Does having the roles 'anonymous,' 'registered,' and 'application admin' selected in an OutSystems application mean that all end users can access the information, or is it limited to only application administrators?
Hello Lekshmi,
Anonymous:
Allows any end user to access the element, including users that aren't logged in (non-authenticated users). Anonymous is the most general Role and when you associate this Role, for example with a screen, all the existing Roles are automatically associated with it.
Registered:
Allows any end user who has logged into an Application running in the same Platform Server (authenticated users) to access the element. When you associate this Role with an element all the existing Roles are automatically associated with it, except the Anonymous role. The users which are there in the User entity can access the screens which has register role.
Application Admin:
This is the custom role which you will create in the application so when a user has this role he will be able to access that particular screen.

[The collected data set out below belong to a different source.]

(* Let $n\ge 2$. A $(2n-2)\times(2n-2)$ lower triangular matrix $F=(F_{i,j})_{0\le i,j\le 2n-3}$ is the $\mathbf{F}$-matrix of some fully heterochronous ranked tree shape with $n$ leaves if and only if its entries $F_{i,j}$, $0\le j\le i\le 2n-3$, form an $(n,2n-3,2n-3)$ $\mathbf{F}$-sequence.
   Context: A fully heterochronous ranked tree shape with $n$ leaves is a rooted full binary tree (every node has out-degree $0$ or $2$), without leaf labels, with $n$ leaves, together with a total ordering of all $2n-1$ nodes (leaves included) such that nodes appear in increasing order along every path from the root to a leaf; the position of a node in this order, numbered $0,\dots,2n-2$, is its rank. Its $\mathbf{F}$-matrix is the $(2n-2)\times(2n-2)$ lower triangular matrix $F$, indices from $0$ to $2n-3$, where for $0\le j\le i$ the entry $F_{i,j}$ is the number of edges from a parent node $v$ to a child node $w$ with rank of $v$ at most $j$ and rank of $w$ larger than $i$. For a doubly indexed sequence $f$, with the convention $f_{k,\ell}=0$ whenever $k$ or $\ell$ is negative, define $L_f(i,j):=\max(f_{i,j-1}, f_{i-1,j}-1, f_{i,j-1}+f_{i-1,j}-f_{i-1,j-1}-1)$ and $U_f(i,j):=\min(f_{i-1,j}, f_{i,j-1}+f_{i-1,j}-f_{i-1,j-1})$. For non-negative integers $M\le N\le 2n-3$, with $B=\max(N-1,M)$, an $(n,N,M)$ $\mathbf{F}$-sequence is a doubly indexed sequence $f_{i,j}$ of non-negative integers defined exactly for the valid indices $(i,j)\in\{(i,j):0\le j\le i\le N-1\}\cup\{(N,j):0\le j\le M\}$ such that: (1) $f_{i,i}$ ($0\le i\le B$) are positive integers with $f_{0,0}=2$, $f_{i,i}=f_{i-1,i-1}\pm1$ for $1\le i\le B$, and $f_{i,i}\le 2n-i-2$ for $0\le i\le B$; (2) $L_f(i,j)\le f_{i,j}\le U_f(i,j)$ for valid $(i,j)$ with $0\le j\le i-2$; (3) for valid $(i,j)$ with $0\le j\le i-1$, if $f_{i-1,j}=f_{i-1,i-1}$ then $f_{i,j}=f_{i-1,i-1}-1$. *)

From HB Require Import structures.
From mathcomp Require Import all_boot all_order all_algebra.
Set Implicit Arguments. Unset Strict Implicit. Unset Printing Implicit Defensive.
Import Order.TTheory GRing.Theory Num.Theory.

(* Nodes are identified with their ranks 0, ..., 2n-2 (rank 0 = root). *)
(* The tree is encoded by its parent function p: for each non-root     *)
(* node w (1 <= w <= 2n-2), p w is the rank of its parent.  Values of  *)
(* p outside 1..2n-2 are irrelevant.                                   *)

Definition nchildren (n : nat) (p : nat -> nat) (v : nat) : nat :=
  count (fun w => p w == v) (iota 1 (2 * n - 2)).

Definition is_ranked_tree_shape (n : nat) (p : nat -> nat) : Prop :=
  (forall w, 1 <= w <= 2 * n - 2 -> p w < w)%N /\
  (forall v, v <= 2 * n - 2 -> nchildren n p v = 0 \/ nchildren n p v = 2)%N /\
  count (fun v => nchildren n p v == 0%N) (iota 0 (2 * n - 1)) = n.

(* F-matrix: F_{i,j} = #{edges (v,w) : rank v <= j, rank w > i} for j <= i,
   and 0 above the diagonal (lower triangular). *)
Definition Fmatrix (n : nat) (p : nat -> nat) : 'M[int]_(2 * n - 2) :=
  \matrix_(i, j) if (j <= i)%N then
                   Posz (count (fun w => (i < w)%N && (p w <= j)%N) (iota 1 (2 * n - 2)))
                 else 0.

Local Open Scope ring_scope.

Definition fz (f : nat -> nat -> int) (i j : int) : int :=
  if (i < 0) || (j < 0) then 0 else f `|i|%N `|j|%N.

Definition Lf (f : nat -> nat -> int) (i j : int) : int :=
  Num.max (fz f i (j - 1))
    (Num.max (fz f (i - 1) j - 1)
             (fz f i (j - 1) + fz f (i - 1) j - fz f (i - 1) (j - 1) - 1)).

Definition Uf (f : nat -> nat -> int) (i j : int) : int :=
  Num.min (fz f (i - 1) j) (fz f i (j - 1) + fz f (i - 1) j - fz f (i - 1) (j - 1)).

Definition valid_idx (N M i j : nat) : bool :=
  ((j <= i)%N && (i < N)%N) || ((i == N) && (j <= M)%N).

Definition Fsequence (n N M : nat) (f : nat -> nat -> int) : Prop :=
  let B := maxn N.-1 M in
  (M <= N <= 2 * n - 3)%N /\
  (forall i j, valid_idx N M i j -> 0 <= f i j) /\
  (* (1) *)
  (forall i, (i <= B)%N -> 0 < f i i) /\
  f 0%N 0%N = 2 /\
  (forall i, (1 <= i <= B)%N ->
      f i i = f i.-1 i.-1 + 1 \/ f i i = f i.-1 i.-1 - 1) /\
  (forall i, (i <= B)%N -> f i i <= (2 * n)%:Z - i%:Z - 2) /\
  (* (2) *)
  (forall i j, valid_idx N M i j -> (j + 2 <= i)%N ->
      Lf f i j <= f i j <= Uf f i j) /\
  (* (3) *)
  (forall i j, valid_idx N M i j -> (j + 1 <= i)%N ->
      f i.-1 j = f i.-1 i.-1 -> f i j = f i.-1 i.-1 - 1).

Definition mx_seq (m : nat) (F : 'M[int]_m) (i j : nat) : int :=
  oapp (fun i' : 'I_m => oapp (fun j' : 'I_m => F i' j') 0 (insub j)) 0 (insub i).

Definition lower_triangular (m : nat) (F : 'M[int]_m) : Prop :=
  forall i j : 'I_m, (i < j)%N -> F i j = 0.

From mathcomp Require Import all_boot all_order all_algebra zify.

Import Order.TTheory GRing.Theory Num.Theory.

(* Encode a ranked tree shape by its parent map p on the non-root ranks 1, ..., 2n-2.
   Then F_{i,j} counts the nodes w > i with p w <= j, so consecutive rows differ by an
   indicator, F_{i,j} - F_{i+1,j} = [p (i+1) <= j], while on the diagonal
   F_{v,v} - F_{v,v-1} is the number of children of v.  The first identity gives the
   window inequalities (2) and the plateau rule (3); the second turns the +-1 rule (1)
   into binarity, and binarity together with the 2n-2 edges gives n leaves.
   Conversely, (1)-(3) force each row difference f_{i,.} - f_{i+1,.} to be a
   nondecreasing 0/1 function on 0..i that equals 1 at i; its jump point is a parent
   p (i+1) <= i, and f is the F-matrix of p by downward induction on i, starting from
   the zero row 2n-2 just below the matrix. *)

Section ParentMap.

Variables (K : nat) (p : nat -> nat).

Definition Fentry (i j : nat) : nat :=
  count (fun w => (i < w) && (p w <= j)) (iota 1 K).

Local Notation children v := (count (fun w => p w == v) (iota 1 K)).

Lemma Fentry_top i j : K <= i -> Fentry i j = 0.
Proof.
move=> Ki; apply/eqP; rewrite eqn0Ngt -has_count; apply/hasPn => w.
by rewrite mem_iota; lia.
Qed.

Lemma Fentry_iota i j : i <= K -> Fentry i j = count (fun w => p w <= j) (iota i.+1 (K - i)).
Proof.
move=> iK; rewrite /Fentry -{1}(subnKC iK) iotaD count_cat add1n.
have -> : count (fun w => (i < w) && (p w <= j)) (iota 1 i) = 0.
  by apply/eqP; rewrite eqn0Ngt -has_count; apply/hasPn => w; rewrite mem_iota; lia.
by apply: eq_in_count => w; rewrite mem_iota => /andP[-> _].
Qed.

Lemma Fentry_succ_row i j : i < K -> Fentry i j = Fentry i.+1 j + (p i.+1 <= j).
Proof.
by move=> iK; rewrite !Fentry_iota ?(ltnW iK) // -[K - i]subSS subSn //= addnC.
Qed.

Lemma Fentry_mono i j j' : j <= j' -> Fentry i j <= Fentry i j'.
Proof. by move=> jj'; apply: sub_count => w /andP[-> /leq_trans ->]. Qed.

Lemma Fentry_le i j : Fentry i j <= K - i.
Proof.
case: (leqP K i) => [/Fentry_top -> //| /ltnW iK].
by rewrite Fentry_iota // (leq_trans (count_size _ _)) ?size_iota.
Qed.

Lemma Fentry_succ_col i j :
  Fentry i j.+1 = Fentry i j + count (fun w => (i < w) && (p w == j.+1)) (iota 1 K).
Proof.
rewrite /Fentry -count_predUI (@eq_count _ (predI _ _) pred0) ?count_pred0 ?addn0 => [|w /=].
  by apply: eq_count => w /=; rewrite [p w <= j.+1]leq_eqVlt ltnS andb_orr orbC.
by case: (p w =P j.+1) => [->|]; rewrite ?ltnn ?andbF.
Qed.

Lemma Fentry_col0 i : Fentry i 0 = count (fun w => (i < w) && (p w == 0)) (iota 1 K).
Proof. by apply: eq_count => w; rewrite leqn0. Qed.

Lemma sum_count_parent (s : seq nat) m :
  \sum_(v <- iota 0 m) count (fun w => p w == v) s = count (fun w => p w < m) s.
Proof.
elim: s => [|w s IH] /=; first by rewrite big1.
rewrite big_split /= IH; congr (_ + _).
transitivity (count_mem (p w) (iota 0 m)).
  by rewrite -sum1_count [RHS]big_mkcond; apply: eq_bigr => v _ /=; rewrite eq_sym.
by rewrite count_uniq_mem ?iota_uniq // mem_iota.
Qed.

Hypothesis parent_lt : forall w, 0 < w <= K -> p w < w.

Lemma count_children_above v : count (fun w => (v < w) && (p w == v)) (iota 1 K) = children v.
Proof.
apply: eq_in_count => w; rewrite mem_iota => /andP[w1 wK]; have := parent_lt w.
by case: eqP => [->|_]; rewrite ?andbF ?andbT //; apply; lia.
Qed.

Lemma Fentry_diag0 : Fentry 0 0 = children 0.
Proof. by rewrite Fentry_col0 count_children_above. Qed.

Lemma Fentry_diag_succ v : Fentry v.+1 v.+1 = Fentry v.+1 v + children v.+1.
Proof. by rewrite Fentry_succ_col count_children_above. Qed.

Lemma Fentry_diag_subdiag i : i < K -> Fentry i i = (Fentry i.+1 i).+1.
Proof.
move=> iK; rewrite Fentry_succ_row //.
by have := parent_lt i.+1; case: leqP; lia.
Qed.

Lemma sum_children : \sum_(v <- iota 0 K.+1) children v = K.
Proof.
rewrite sum_count_parent (@eq_in_count _ _ predT) ?count_predT ?size_iota // => w.
by rewrite mem_iota /= => wK; have := parent_lt w; lia.
Qed.

Lemma count_leaves :
    (forall v, v <= K -> children v = 0 \/ children v = 2) ->
  count (fun v : nat => children v == 0) (iota 0 K.+1) * 2 = K + 2.
Proof.
move=> binary.
have internal : count (predC (fun v : nat => children v == 0)) (iota 0 K.+1) * 2 = K.
  rewrite -[RHS]sum_children -sum1_count big_distrl big_mkcond !big_seq.
  apply: eq_bigr => v; rewrite mem_iota => hv /=.
  by have /binary[->|->] : v <= K by lia.
by have := count_predC (fun v : nat => children v == 0) (iota 0 K.+1); rewrite size_iota; lia.
Qed.

End ParentMap.

Local Open Scope ring_scope.

Lemma find_threshold (d : nat -> int) m :
    (forall j, (j <= m)%N -> 0 <= d j <= 1) -> (forall j, (j < m)%N -> d j <= d j.+1) ->
    d m = 1 ->
  forall j, (j <= m)%N -> d j = (find (fun k => d k == 1) (iota 0 m.+1) <= j)%N.
Proof.
move=> d01 d_mono dm1.
have has1 : has (fun k => d k == 1) (iota 0 m.+1).
  by apply/hasP; exists m; rewrite ?dm1 // mem_iota ltnS leqnn.
set q := find _ _.
have qm : (q <= m)%N by rewrite -ltnS -[m.+1](size_iota 0) -has_find.
have dq : d q = 1 by have := nth_find 0%N has1; rewrite nth_iota // => /eqP.
have d_up k : (q + k <= m)%N -> d (q + k)%N = 1.
  elim: k => [|k IH]; first by rewrite addn0.
  rewrite addnS => hk; have := d_mono _ hk; have := d01 _ hk.
  by rewrite IH ?(ltnW hk); lia.
move=> j jm; case: (leqP q j) => [qj | jq].
  by rewrite -(subnKC qj) d_up ?subnKC.
have := before_find 0%N jq; rewrite nth_iota ?add0n => [/eqP|]; last lia.
by have := d01 j jm; lia.
Qed.

Lemma Lf_Uf_bounds0 (f : nat -> nat -> int) i :
  (Lf f i.+1 0%N <= f i.+1 0%N <= Uf f i.+1 0%N) =
  (0 <= f i.+1 0%N) && (0 <= f i 0%N - f i.+1 0%N <= 1).
Proof.
by rewrite /Lf /Uf /fz /= !subn1 /= !ge_max !le_min; apply/idP/idP; lia.
Qed.

Lemma Lf_Uf_boundsS (f : nat -> nat -> int) i j :
  (Lf f i.+1 j.+1 <= f i.+1 j.+1 <= Uf f i.+1 j.+1) =
  [&& f i.+1 j <= f i.+1 j.+1, 0 <= f i j.+1 - f i.+1 j.+1 <= 1
    & f i j - f i.+1 j <= f i j.+1 - f i.+1 j.+1 <= f i j - f i.+1 j + 1].
Proof.
by rewrite /Lf /Uf /fz /= !subn1 /= !ge_max !le_min; apply/idP/idP; lia.
Qed.

Lemma mx_seq_ord m (F : 'M[int]_m) (i j : 'I_m) : mx_seq F i j = F i j.
Proof. by rewrite /mx_seq !valK. Qed.

Lemma mx_seq_out m (F : 'M[int]_m) i j : (m <= i)%N -> mx_seq F i j = 0.
Proof.
by rewrite leqNgt => /negbTE im; rewrite /mx_seq (@insubF _ (fun k => k < m)%N _ i im).
Qed.

Lemma mx_seq_Fmatrix n p i j :
  (j <= i)%N -> mx_seq (Fmatrix n p) i j = Fentry (2 * n - 2) p i j.
Proof.
move=> ji; case: (ltnP i (2 * n - 2)) => iK; last by rewrite mx_seq_out // Fentry_top.
have jK := leq_ltn_trans ji iK.
by rewrite -[i]/(val (Ordinal iK)) -[j]/(val (Ordinal jK)) mx_seq_ord mxE /= ji.
Qed.

Lemma maxn_pred N : maxn N.-1 N = N.
Proof. exact/maxn_idPr/leq_pred. Qed.

Lemma valid_idx_square N i j : valid_idx N N i j = (j <= i <= N)%N.
Proof. by rewrite /valid_idx; apply/idP/idP; lia. Qed.

Lemma Fsequence_Fmatrix n p : (1 < n)%N -> is_ranked_tree_shape n p ->
  Fsequence n (2 * n - 3) (2 * n - 3) (mx_seq (Fmatrix n p)).
Proof.
move=> n_gt1 [parent_lt [binary _]].
have fE i j : (j <= i)%N -> mx_seq (Fmatrix n p) i j = Fentry (2 * n - 2) p i j.
  exact: mx_seq_Fmatrix.
have row i j : (i < 2 * n - 2)%N ->
    Fentry (2 * n - 2) p i j = (Fentry (2 * n - 2) p i.+1 j + (p i.+1 <= j))%N.
  exact: Fentry_succ_row.
have diag i : (i < 2 * n - 2)%N ->
    Fentry (2 * n - 2) p i i = (Fentry (2 * n - 2) p i.+1 i).+1.
  exact: Fentry_diag_subdiag.
rewrite /Fsequence maxn_pred; split; first lia.
split; first by move=> i j; rewrite valid_idx_square => /andP[ji _]; rewrite fE.
split; first by move=> i iN; rewrite fE // diag //; lia.
split.
  have := binary 0%N isT; rewrite /nchildren -Fentry_diag0 // fE // diag //; lia.
split.
  move=> [|i] // /andP[_ iN]; rewrite !fE //= Fentry_diag_succ // diag; last lia.
  have := binary i.+1; rewrite /nchildren; lia.
split; first by move=> i iN; rewrite fE //; have := Fentry_le (2 * n - 2) p i i; lia.
split.
  move=> i j; rewrite valid_idx_square => /andP[_ iN] ji.
  case: i iN ji => [|i] iN ji; first lia.
  have iK : (i < 2 * n - 2)%N by lia.
  case: j ji => [|j] ji.
    by rewrite Lf_Uf_bounds0 !fE // (row i 0%N iK); lia.
  have := Fentry_mono (2 * n - 2) p i.+1 _ _ (leqnSn j).
  rewrite Lf_Uf_boundsS !fE; [|lia..].
  by rewrite (row i j iK) (row i j.+1 iK); lia.
move=> i j; rewrite valid_idx_square => /andP[_ iN] ji.
case: i iN ji => [|i] iN ji /=; first lia.
have [iK ji'] : (i < 2 * n - 2)%N /\ (j <= i)%N by lia.
have := Fentry_mono (2 * n - 2) p i.+1 _ _ ji'; have := parent_lt i.+1.
rewrite !fE; [|lia..].
by rewrite (row i j iK) (diag i iK); lia.
Qed.

Definition parent_of (f : nat -> nat -> int) (w : nat) : nat :=
  find (fun j => f w.-1 j - f w j == 1) (iota 0 w).

Section ParentOfFsequence.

Also please refer to this links it will help you for understanding roles in outsystems.
https://success.outsystems.com/documentation/11/developing_an_application/secure_the_application/user_roles/
https://success.outsystems.com/documentation/11/developing_an_application/secure_the_application/user_roles/create_and_use_roles/
Regards,
Pavan R
For you knowledge..one more thing I want to add about roles when It comes to security of the application you should avoid setting Anonymous and Register roles to access screens if you set this you will get the warning in the AI mentor studio something like this:-
Hope it helps you.!
Thank you
Hii @Lekshmi Revi N ,
If you select Anonymous role, it means anybody on the internet can access your URL,
by selecting on Registered role, you can restrict it to only users which are registered in your environment.
and by selecting Application Admin, only registered users who have 'Application admin' role can access.
So in your case uncheck the anonymous role option.
you can also refer to Role based security for better understanding of roles, authentication and authorization in outsystems.
Thanks.
Anees
Hello @Mohd Anees Mansoori ,
Thank you for your answer.
If all three roles are selected, which role would have priority?
Thanks
Lekshmi
Hello @Lekshmi Revi N,
Incase if all the three roles are selected then Anonymous will get the priority and anybody can access your URL.
If you want to restrict then you must uncheck the anonymous role.
Feel free to ask if still there is some query.